Try it:
Everything from the line containing "(mu ⊗ V) ∘ (A ⊗ sigma)" through the line containing "(e1 : u = u) (e2" should be repeated exactly, and nothing else from the data.

Top of The input

(* Let $(A\otimes V,\mu_{A\otimes V})$ be a weak crossed product with associated morphisms $\psi_V^A:V\otimes A\rightarrow A\otimes V$, $\sigma_V^A:V\otimes V\rightarrow A\otimes V$ and idempotent $\nabla_{A\otimes V}$. Let $\psi_A^V:A\otimes V\rightarrow V\otimes A$ satisfy $(V\otimes\mu_A)\circ(\psi_A^V\otimes A)\circ(A\otimes\psi_A^V)=\psi_A^V\circ(\mu_A\otimes V)$, and put $\nabla_{V\otimes A}=(V\otimes\mu_A)\circ((\psi_A^V\circ(\eta_A\otimes V))\otimes A)$. Suppose $\psi_V^A\circ\psi_A^V=\nabla_{A\otimes V}$ and $\psi_A^V\circ\psi_V^A=\nabla_{V\otimes A}$. Put $\sigma_A^V=\psi_A^V\circ\sigma_V^A:V\otimes V\rightarrow V\otimes A$ and $\mu_{V\otimes A}=(V\otimes\mu_A)\circ(\sigma_A^V\otimes\mu_A)\circ(V\otimes\psi_A^V\otimes A)$. Then $(V\otimes A,\mu_{V\otimes A})$ is a weak crossed product with associated morphisms $\psi_A^V,\sigma_A^V$, i.e. $\nabla_{V\otimes A}\circ\sigma_A^V=\sigma_A^V$, $(V\otimes\mu_A)\circ(\sigma_A^V\otimes A)\circ(V\otimes\psi_A^V)\circ(\psi_A^V\otimes V)=(V\otimes\mu_A)\circ(\psi_A^V\otimes A)\circ(A\otimes\sigma_A^V)$ (twisted condition), and $(V\otimes\mu_A)\circ(\sigma_A^V\otimes A)\circ(V\otimes\sigma_A^V)=(V\otimes\mu_A)\circ(\sigma_A^V\otimes A)\circ(V\otimes\psi_A^V)\circ(\sigma_A^V\otimes V)$ (cocycle condition); moreover $\mu_{V\otimes A}=\psi_A^V\circ\mu_{A\otimes V}\circ(\psi_V^A\otimes\psi_V^A)$. Furthermore, if $(A\otimes V,\mu_{A\otimes V})$ is a weak crossed product with preunit $\nu:K\rightarrow A\otimes V$, then $(V\otimes A,\mu_{V\otimes A})$ is a weak crossed product with preunit $\upsilon=\psi_A^V\circ\nu$, i.e., with $\beta_\upsilon=(V\otimes\mu_A)\circ(\upsilon\otimes A)$: $(V\otimes\mu_A)\circ(\sigma_A^V\otimes A)\circ(V\otimes\psi_A^V)\circ(\upsilon\otimes V)=\nabla_{V\otimes A}\circ(V\otimes\eta_A)$, $(V\otimes\mu_A)\circ(\sigma_A^V\otimes A)\circ(V\otimes\upsilon)=\nabla_{V\otimes A}\circ(V\otimes\eta_A)$, $(V\otimes\mu_A)\circ(\psi_A^V\otimes A)\circ(A\otimes\upsilon)=\beta_\upsilon$.
   Context: $\mathcal C$ is a strict monoidal category with tensor product $\otimes$ and unit object $K$ in which every idempotent splits. We write $A\otimes f$ for $id_A\otimes f$. An algebra $A$ has unit $\eta_A$ and product $\mu_A$. Weak crossed products. Let $A$ be an algebra and $V$ an object, and let $\psi_V^A:V\otimes A\rightarrow A\otimes V$ satisfy $(\mu_A\otimes V)\circ(A\otimes\psi_V^A)\circ(\psi_V^A\otimes A)=\psi_V^A\circ(V\otimes\mu_A)$. Then $\nabla_{A\otimes V}=(\mu_A\otimes V)\circ(A\otimes\psi_V^A)\circ(A\otimes V\otimes\eta_A)$ is idempotent. Let $\sigma_V^A:V\otimes V\rightarrow A\otimes V$ with $\nabla_{A\otimes V}\circ\sigma_V^A=\sigma_V^A$. The twisted condition is $(\mu_A\otimes V)\circ(A\otimes\psi_V^A)\circ(\sigma_V^A\otimes A)=(\mu_A\otimes V)\circ(A\otimes\sigma_V^A)\circ(\psi_V^A\otimes V)\circ(V\otimes\psi_V^A)$ and the cocycle condition is $(\mu_A\otimes V)\circ(A\otimes\sigma_V^A)\circ(\sigma_V^A\otimes V)=(\mu_A\otimes V)\circ(A\otimes\sigma_V^A)\circ(\psi_V^A\otimes V)\circ(V\otimes\sigma_V^A)$. With $\mu_{A\otimes V}=(\mu_A\otimes V)\circ(\mu_A\otimes\sigma_V^A)\circ(A\otimes\psi_V^A\otimes V)$, if the twisted and cocycle conditions hold $(A\otimes V,\mu_{A\otimes V})$ is called a weak crossed product (with associated morphisms $\psi_V^A,\sigma_V^A$ and idempotent $\nabla_{A\otimes V}$). For $\nu:K\rightarrow A\otimes V$ let $\beta_\nu=(\mu_A\otimes V)\circ(A\otimes\nu)$; a weak crossed product with preunit $\nu$ is one with $(\mu_A\otimes V)\circ(A\otimes\sigma_V^A)\circ(\psi_V^A\otimes V)\circ(V\otimes\nu)=\nabla_{A\otimes V}\circ(\eta_A\otimes V)$, $(\mu_A\otimes V)\circ(A\otimes\sigma_V^A)\circ(\nu\otimes V)=\nabla_{A\otimes V}\circ(\eta_A\otimes V)$ and $(\mu_A\otimes V)\circ(A\otimes\psi_V^A)\circ(\nu\otimes A)=\beta_\nu$. *)

From mathcomp Require Import ssreflect ssrfun ssrbool eqtype ssrnat seq.

Set Implicit Arguments.
Unset Strict Implicit.
Unset Printing Implicit Defensive.

(* Strict monoidal categories, presented with objects the words (lists) over a
   type of letters, the tensor product of objects being concatenation and the
   unit object K being the empty word [::].  Every strict monoidal category C
   gives such a structure (letters = objects of C, hom u v = C(⊗u, ⊗v)), and the
   statement only involves letters A, V. *)

Definition hcast (X : Type) (H : seq X -> seq X -> Type) (u u' v v' : seq X)
  (e1 : u = u') (e2 : v = v') (f : H u v) : H u' v' :=
  match e1 in _ = a return H a v' with
  | erefl => match e2 in _ = b return H u b with erefl => f end
  end.

Record SMC := {
  ob : Type;
  hom : seq ob -> seq ob -> Type;
  comp : forall u v w, hom v w -> hom u v -> hom u w;
  idm : forall u, hom u u;
  tens : forall u v u' v', hom u v -> hom u' v' -> hom (u ++ u') (v ++ v');
  comp_assoc : forall u v w x (h : hom w x) (g : hom v w) (f : hom u v),
      comp h (comp g f) = comp (comp h g) f;
  comp_idl : forall u v (f : hom u v), comp (idm v) f = f;
  comp_idr : forall u v (f : hom u v), comp f (idm u) = f;
  tens_comp : forall u v w u' v' w' (g : hom v w) (f : hom u v)
      (g' : hom v' w') (f' : hom u' v'),
      tens (comp g f) (comp g' f') = comp (tens g g') (tens f f');
  tens_id : forall u u', tens (idm u) (idm u') = idm (u ++ u');
  tens_assoc : forall u v u' v' u'' v'' (f : hom u v) (g : hom u' v')
      (h : hom u'' v''),
      tens (tens f g) h =
      @hcast ob hom _ _ _ _ (catA u u' u'') (catA v v' v'') (tens f (tens g h));
  tens_unitl : forall u v (f : hom u v), tens (idm [::]) f = f;
  tens_unitr : forall u v (f : hom u v),
      tens f (idm [::]) =
      @hcast ob hom _ _ _ _ (esym (cats0 u)) (esym (cats0 v)) f
}.

Arguments comp {s u v w}.
Arguments idm {s}.
Arguments tens {s u v u' v'}.

Declare Scope smc_scope.
Delimit Scope smc_scope with smc.
Open Scope smc_scope.
Notation "g ∘ f" := (comp g f) (at level 40, left associativity) : smc_scope.
Notation "f ⊗ g" := (tens f g) (at level 38, left associativity) : smc_scope.
Notation "1[ x ]" := (idm [:: x]) (at level 0, format "1[ x ]") : smc_scope.

Section Defs.
Variable C : SMC.

Definition idempotents_split : Prop :=
  forall (u : seq (ob C)) (e : hom u u), e ∘ e = e ->
  exists (w : seq (ob C)) (p : hom u w) (i : hom w u),
    p ∘ i = idm w /\ i ∘ p = e.

Variables (A V : ob C) (eta : hom [::] [:: A]) (mu : hom [:: A; A] [:: A]).

Definition is_algebra : Prop :=
  [/\ mu ∘ (mu ⊗ 1[A]) = mu ∘ (1[A] ⊗ mu),
      mu ∘ (eta ⊗ 1[A]) = 1[A] & mu ∘ (1[A] ⊗ eta) = 1[A]].

Definition nablaAV (psi : hom [:: V; A] [:: A; V]) : hom [:: A; V] [:: A; V] :=
  (mu ⊗ 1[V]) ∘ (1[A] ⊗ psi) ∘ (1[A] ⊗ 1[V] ⊗ eta).

Definition weak_crossed_product_AV (psi : hom [:: V; A] [:: A; V])
  (sigma : hom [:: V; V] [:: A; V]) : Prop :=
  [/\ (mu ⊗ 1[V]) ∘ (1[A] ⊗ psi) ∘ (psi ⊗ 1[A]) = psi ∘ (1[V] ⊗ mu),
      nablaAV psi ∘ sigma = sigma,
      (mu ⊗ 1[V]) ∘ (1[A] ⊗ psi) ∘ (sigma ⊗ 1[A]) =
      (mu ⊗ 1[V]) ∘ (1[A] ⊗ sigma) ∘ (psi ⊗ 1[V]) ∘ (1[V] ⊗ psi) &
      (mu ⊗ 1[V]) ∘ (1[A] ⊗ sigma) ∘ (sigma ⊗ 1[V]) =
      (mu ⊗ 1[V]) ∘ (1[A] ⊗ sigma) ∘ (psi ⊗ 1[V]) ∘ (1[V] ⊗ sigma)].

Definition muAV (psi : hom [:: V; A] [:: A; V]) (sigma : hom [:: V; V] [:: A; V]) :
  hom [:: A; V; A; V] [:: A; V] :=
  (mu ⊗ 1[V]) ∘ (mu ⊗ sigma) ∘ (1[A] ⊗ psi ⊗ 1[V]).

Definition betaAV (nu : hom [::] [:: A; V]) : hom [:: A] [:: A; V] :=
  (mu ⊗ 1[V]) ∘ (1[A] ⊗ nu).

Definition preunit_AV (psi : hom [:: V; A] [:: A; V])
  (sigma : hom [:: V; V] [:: A; V]) (nu : hom [::] [:: A; V]) : Prop :=
  [/\ (mu ⊗ 1[V]) ∘ (1[A] ⊗ sigma) ∘ (psi ⊗ 1[V]) ∘ (1[V] ⊗ nu) =
        nablaAV psi ∘ (eta ⊗ 1[V]),
      (mu ⊗ 1[V]) ∘ (1[A] ⊗ sigma) ∘ (nu ⊗ 1[V]) = nablaAV psi ∘ (eta ⊗ 1[V]) &
      (mu ⊗ 1[V]) ∘ (1[A] ⊗ psi) ∘ (nu ⊗ 1[A]) = betaAV nu].

Definition nablaVA (psi' : hom [:: A; V] [:: V; A]) : hom [:: V; A] [:: V; A] :=
  (1[V] ⊗ mu) ∘ ((psi' ∘ (eta ⊗ 1[V])) ⊗ 1[A]).

Definition muVA (sigma' : hom [:: V; V] [:: V; A])
  (psi' : hom [:: A; V] [:: V; A]) : hom [:: V; A; V; A] [:: V; A] :=
  (1[V] ⊗ mu) ∘ (sigma' ⊗ mu) ∘ (1[V] ⊗ psi' ⊗ 1[A]).

Definition betaVA (ups : hom [::] [:: V; A]) : hom [:: A] [:: V; A] :=
  (1[V] ⊗ mu) ∘ (ups ⊗ 1[A]).

End Defs.

From mathcomp Require Import ssreflect ssrfun ssrbool eqtype ssrnat seq.
From Stdlib Require Import Eqdep.

(* Everything is transported along psi'.  The compatibility of psi' with mu
   and the relations psi ∘ psi' = nablaAV, psi' ∘ psi = nablaVA give
   psi' ∘ (mu ⊗ V) ∘ (A ⊗ psi) = (V ⊗ mu) ∘ (psi' ⊗ A) and its mirror image;
   together with the absorption of the idempotents (nablaVA ∘ psi' = psi',
   psi' ∘ nablaAV = psi', and nablaAV being absorbed into the sigma-action
   (mu ⊗ V) ∘ (A ⊗ sigma) on either side), each axiom of the V ⊗ A side is
   psi' composed with the corresponding axiom of the A ⊗ V side. *)

Lemma hcast_id (X : Type) (H : seq X -> seq X -> Type) (u v : seq X)
  (e1 : u = u) (e2 : v = v) (f : H u v) : @hcast X H u u v v e1 e2 f = f.
Proof. by rewrite (UIP_refl _ _ e1) (UIP_refl _ _ e2). Qed.

Section MonoidalCalculus.
Context {C : SMC}.

Lemma comp_tensl x {u v w : seq (ob C)} (f : hom v w) (g : hom u v) :
  (f ⊗ idm x) ∘ (g ⊗ idm x) = (f ∘ g) ⊗ idm x.
Proof. by rewrite -tens_comp comp_idl. Qed.

Lemma comp_tensr x {u v w : seq (ob C)} (f : hom v w) (g : hom u v) :
  (idm x ⊗ f) ∘ (idm x ⊗ g) = idm x ⊗ (f ∘ g).
Proof. by rewrite -tens_comp comp_idl. Qed.

Lemma comp_tensl_ctx x {u v w y : seq (ob C)} (f : hom v w) (g : hom u v)
  {X : hom (w ++ x) y} : X ∘ (f ⊗ idm x) ∘ (g ⊗ idm x) = X ∘ ((f ∘ g) ⊗ idm x).
Proof. by rewrite -comp_assoc comp_tensl. Qed.

Lemma comp_tensr_ctx x {u v w y : seq (ob C)} (f : hom v w) (g : hom u v)
  {X : hom (x ++ w) y} : X ∘ (idm x ⊗ f) ∘ (idm x ⊗ g) = X ∘ (idm x ⊗ (f ∘ g)).
Proof. by rewrite -comp_assoc comp_tensr. Qed.

Lemma tens_factorl {u v u' v' : seq (ob C)} (f : hom u v) (g : hom u' v') :
  (f ⊗ idm v') ∘ (idm u ⊗ g) = f ⊗ g.
Proof. by rewrite -tens_comp comp_idl comp_idr. Qed.

Lemma tens_factorr {u v u' v' : seq (ob C)} (f : hom u v) (g : hom u' v') :
  (idm v ⊗ g) ∘ (f ⊗ idm u') = f ⊗ g.
Proof. by rewrite -tens_comp comp_idl comp_idr. Qed.

Lemma tens_interchange {u v u' v' : seq (ob C)} (f : hom u v) (g : hom u' v') :
  (f ⊗ idm v') ∘ (idm u ⊗ g) = (idm v ⊗ g) ∘ (f ⊗ idm u').
Proof. by rewrite tens_factorl tens_factorr. Qed.

Lemma tens_assocV {u v u' v' u'' v'' : seq (ob C)} (f : hom u v) (g : hom u' v')
  (h : hom u'' v'') :
  f ⊗ (g ⊗ h) =
  @hcast (ob C) (@hom C) _ _ _ _ (esym (catA u u' u'')) (esym (catA v v' v''))
    ((f ⊗ g) ⊗ h).
Proof. by rewrite tens_assoc; case: _ / (catA u u' u''); case: _ / (catA v v' v''). Qed.

Lemma tens_point_slidel {v u' v' : seq (ob C)} (f : hom [::] v) (g : hom u' v') :
  (f ⊗ idm v') ∘ g = (idm v ⊗ g) ∘ (f ⊗ idm u').
Proof.
rewrite tens_factorr; have := tens_comp f (idm [::]) (idm v') g.
by rewrite comp_idr comp_idl tens_unitl => ->.
Qed.

(* For a concrete word u the cast is the identity ([hcast_id]). *)
Lemma tens_point_slider {u v v' : seq (ob C)} (f : hom u v) (g : hom [::] v') :
  (f ⊗ idm v') ∘ (idm u ⊗ g) =
  (idm v ⊗ g) ∘ @hcast (ob C) (@hom C) _ _ _ _ (esym (cats0 u)) (esym (cats0 v)) f.
Proof. by rewrite -tens_unitr -!tens_comp !comp_idl !comp_idr. Qed.

(* Composites are left-nested, so an equation between an inner segment of a
   chain only applies after reassociation; these lemmas do it in one step. *)
Lemma comp_congr2 {u v w : seq (ob C)} {b : hom v w} {c : hom u v} {e : hom u w}
  (H : b ∘ c = e) {z} (X : hom w z) : X ∘ b ∘ c = X ∘ e.
Proof. by rewrite -H comp_assoc. Qed.

Lemma comp_congr3 {u v w t : seq (ob C)} {a : hom w t} {b : hom v w} {c : hom u v}
  {e : hom u t} (H : a ∘ b ∘ c = e) {z} (X : hom t z) : X ∘ a ∘ b ∘ c = X ∘ e.
Proof. by rewrite -H !comp_assoc. Qed.

Lemma comp_congr4 {u v w t s : seq (ob C)} {d : hom t s} {a : hom w t} {b : hom v w}
  {c : hom u v} {e : hom u s} (H : d ∘ a ∘ b ∘ c = e) {z} (X : hom s z) :
  X ∘ d ∘ a ∘ b ∘ c = X ∘ e.
Proof. by rewrite -H !comp_assoc. Qed.

End MonoidalCalculus.

Ltac comp_rw_ H :=
  first [ rewrite (comp_congr4 H) | rewrite (comp_congr3 H)
        | rewrite (comp_congr2 H) | rewrite H ];
  rewrite ?comp_assoc.
Tactic Notation "comp_rw" uconstr(H) := comp_rw_ H.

Bottom of The input

Solution for this task:
   (mu ⊗ V) ∘ (A ⊗ sigma) on either side), each axiom of the V ⊗ A side is
   psi' composed with the corresponding axiom of the A ⊗ V side. *)

Lemma hcast_id (X : Type) (H : seq X -> seq X -> Type) (u v : seq X)
  (e1 : u = u) (e2 : v = v) (f : H u v) : @hcast X H u u v v e1 e2 f = f.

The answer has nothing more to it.